INTEGRIDAD EN SISTEMAS DE TUBERIAS

11.02.2021

La evaluación de la integridad mecánica en sistemas de tuberías es un pilar fundamental para garantizar la continuidad operativa, proteger el medio ambiente y mantener estándares rigurosos de seguridad industrial. Cuando el personal de inspección detecta pérdida de material (típicamente por corrosión o erosión), los códigos ASME B31G y API 579-1 / ASME FFS-1 proporcionan los marcos normativos y metodológicos para dictaminar la disposición del componente: continuar en servicio, reparar o reemplazar.

Aunque ambos abordan la integridad, sus alcances y metodologías tienen propósitos distintos dentro de la gestión de activos. Aquí te presento una perspectiva técnica comparativa de ambos códigos.

ASME B31G: El Estándar Especializado para Corrosión

El ASME B31G (Manual for Determining the Remaining Strength of Corroded Pipelines) es una herramienta específica y enfocada. Su objetivo principal es evaluar cómo los defectos de pérdida de metal afectan la capacidad de la tubería para contener presión.

  • Alcance: Está diseñado exclusivamente para tuberías de acero al carbono y se centra en defectos volumétricos suaves, como la corrosión generalizada o localizada y las picaduras (pitting). No aplica para grietas, defectos en soldaduras longitudinales o daño mecánico severo.

  • Mecánica de Evaluación: Evalúa la "presión de falla" esperada y la compara con la Presión Máxima Operativa Permisible (MAOP). Los cálculos dependen de variables geométricas fundamentales obtenidas durante la inspección (como líquidos penetrantes o ultrasonido):

    • La longitud máxima interactuante del defecto ($L$).

    • La profundidad máxima de la corrosión ($d$).

    • El diámetro exterior de la tubería ($D$).

    • El espesor de pared nominal o medido ($t$).

  • Conservadurismo: El B31G original es conocido por ser bastante conservador, lo que a veces resulta en reparaciones innecesarias. Por ello, la industria adoptó el B31G Modificado (o método de área efectiva), que reduce este conservadurismo y permite que defectos ligeramente más grandes sean aceptados como seguros.

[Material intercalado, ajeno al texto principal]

(* Since the periods divide [T], no period straddles two frames, so frame
   [k+1] of the trajectory is the schedule chosen at state [d(k)]. *)
Lemma frame_rew_traj U (eta : sb_policy R S U) q seed k X :
  frame_rew tau r (traj tau r eta q seed) X k.+1 =
  frame_rew tau r (act_of tau eta q seed (fun _ => debt tau r eta q seed k)) X k.+1.
Proof.
apply: eq_big_nat => t /andP[kT_le_t t_lt]; apply: eq_slot_rew => t' /andP[le_t' t'_le].
have frame_t' : (t' %/ T)%N = k.
  apply/eqP; rewrite eqn_leq -ltnS ltn_divLR ?frameT_gt0 // leq_divRL ?frameT_gt0 //.
  rewrite (leq_ltn_trans t'_le t_lt) /=; apply: leq_trans le_t'.
  rewrite -(divnK (dvdn_mull k (dvdn_frameT X))) leq_mul2r.
  by rewrite leq_div2r ?orbT.
by rewrite /traj /act_of frame_t'.
Qed.

Lemma le_avg_rew a X (q M : R) : 0 < q -> 0 <= M ->
  (forall n, n%:R * q - M <= cum_rew tau r a X (n * T)) ->
  (q%:E <= avg_rew tau r a X)%E.
Proof.
move=> q_gt0 M_ge0 cum_ge; apply: le_limn_einf => e e_gt0.
set K : R := T%:R; have K_gt0 : 0 < K by rewrite ltr0n frameT_gt0.
set c := (q + M) * K.
have ce_ge0 : 0 <= c / e.
  by rewrite divr_ge0 ?mulr_ge0 ?addr_ge0 // ltW.
exists (Num.Def.archi_bound (c / e)).+1 => t lt_bound_t.
have ce_lt_t : c / e < t%:R.
  by rewrite (lt_le_trans (archi_boundP ce_ge0)) // ler_nat ltnW.
have t_gt0 : 0 < t%:R :> R by apply: le_lt_trans ce_lt_t.
have c_le_et : c <= e * t%:R by rewrite mulrC -ler_pdivrMr // ltW.
set n := (t %/ T)%N.
have t_lt : t%:R < (n%:R + 1) * K.
  rewrite natr1 -natrM ltr_nat mulSnr {1}(divn_eq t T) ltn_add2l.
  by rewrite ltn_pmod ?frameT_gt0.
have cum_n := le_trans (cum_ge n) (le_cum_rew a X (leq_divM t T)).
have -> : cum_rew tau r a X t / (t%:R / K) = cum_rew tau r a X t * K / t%:R.
  by field; rewrite !gt_eqF.
rewrite ler_pdivlMr //.
have : (n%:R * q - M) * K <= cum_rew tau r a X t * K by rewrite ler_pM2r.
rewrite /c in c_le_et; nra.
Qed.

End Rewards.

Section DebtQueue.
Variables (R : realType) (S : finType) (q : S -> R) (qt d : nat -> S -> R).
Hypothesis debt0 : forall X, d 0%N X = 0.
Hypothesis debtS : forall k X, d k.+1 X = Num.max (d k X + q X - qt k X) 0.

Lemma debt_ge0 k X : 0 <= d k X.
Proof. by case: k => [|k]; rewrite ?debt0 // debtS le_max lexx orbT. Qed.

Lemma debt_telescope k X : k%:R * q X - d k X <= \sum_(j < k) qt j X.
Proof.
elim: k => [|k IHk]; first by rewrite big_ord0 debt0 mul0r subr0.
rewrite big_ord_recr /= -natr1 debtS.
have : d k X + q X - qt k X <= Num.max (d k X + q X - qt k X) 0 by rewrite le_max lexx.
move: (IHk); lra.
Qed.

Variables (B : S -> R) (eps : R).
Hypothesis q_gt0 : forall X, 0 < q X.
Hypothesis qt_ge0 : forall k X, 0 <= qt k X.
Hypothesis qt_le : forall k X, qt k X <= B X.
Hypothesis eps_gt0 : 0 < eps.
Hypothesis debt_drift :
  forall k, \sum_X (1 + eps) * q X * d k X <= \sum_X qt k X * d k X.

Let L k := \sum_X d k X ^+ 2.
Let C := \sum_X (q X + B X) ^+ 2.

Lemma sqr_debtS_le k X :
  d k.+1 X ^+ 2 <= d k X ^+ 2 + 2 * (q X * d k X) - 2 * (qt k X * d k X)
                   + (q X + B X) ^+ 2.
Proof.
rewrite debtS.
have max_sqr : Num.max (d k X + q X - qt k X) 0 ^+ 2 <= (d k X + q X - qt k X) ^+ 2.
  by case: (lerP 0 (d k X + q X - qt k X)); rewrite ?expr0n ?sqr_ge0.
apply: (le_trans max_sqr).
have := q_gt0 X; have := qt_ge0 k X; have := qt_le k X; have := debt_ge0 k X.
nra.
Qed.

Lemma debt_lyapunov_drift k : L k.+1 <= L k - 2 * eps * \sum_X q X * d k X + C.
Proof.
apply: (le_trans (ler_sum _ (fun X _ => sqr_debtS_le k X))).
rewrite !big_split /= sumrN -!mulr_sumr.
have drift := debt_drift k.
rewrite (eq_bigr (fun X => (1 + eps) * (q X * d k X))) in drift; last first.
  by move=> X _; rewrite mulrA.
rewrite -mulr_sumr in drift; rewrite /L /C; lra.
Qed.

API 579-1 / ASME FFS-1: El Ecosistema de Aptitud para el Servicio

Mientras que B31G es una herramienta específica, API 579-1/ASME FFS-1 (Fitness-For-Service) es una enciclopedia completa de integridad mecánica. Es aplicable a tuberías, pero también a recipientes sujetos a presión, tanques de almacenamiento y unidades costa afuera.

  • Alcance Multidisciplinario: No se limita a la corrosión volumétrica (evaluada en las Partes 4 y 5). Aborda una amplia gama de mecanismos de daño, incluyendo grietas (Parte 9), abolladuras y hendiduras (Parte 8), laminaciones, ampollas por hidrógeno, daño por fuego y fatiga.

  • Estructura de Tres Niveles: Su mayor fortaleza para los organismos de inspección es su escalabilidad metodológica:

    • Nivel 1: Evaluaciones conservadoras basadas en fórmulas matemáticas tabuladas y gráficas sencillas. Requiere datos de inspección básicos y es ideal para que un inspector dictamine la aceptación/rechazo directamente en campo.

    • Nivel 2: Cálculos más detallados que reducen el conservadurismo del Nivel 1. Requiere datos operativos históricos, propiedades más específicas de los materiales y un ingeniero con mayor experiencia en evaluación técnica.

    • Nivel 3: Análisis computacional avanzado, típicamente utilizando el Método de Elementos Finitos (FEA). Se justifica cuando el reemplazo del equipo es económicamente prohibitivo y se requiere caracterizar con precisión milimétrica la distribución de esfuerzos en el defecto.

Integración en los Procedimientos de Inspección

Al establecer procedimientos técnicos (por ejemplo, bajo lineamientos como los de ISO 17020), estos códigos operan de manera complementaria.

Generalmente, el ASME B31G funciona como un excelente y rápido primer filtro en campo para defectos de corrosión simples en ductos. Si un defecto falla el criterio de B31G (es decir, el cálculo arroja que la tubería ya no soporta la presión operativa segura), en lugar de ordenar el corte y reemplazo inmediato, se puede escalar el análisis a una evaluación API 579 de Nivel 2 o 3. API 579, al permitir cálculos menos penalizados y considerar perfiles de daño más precisos, podría demostrar que el componente aún es apto para operar de forma segura por un tiempo determinado.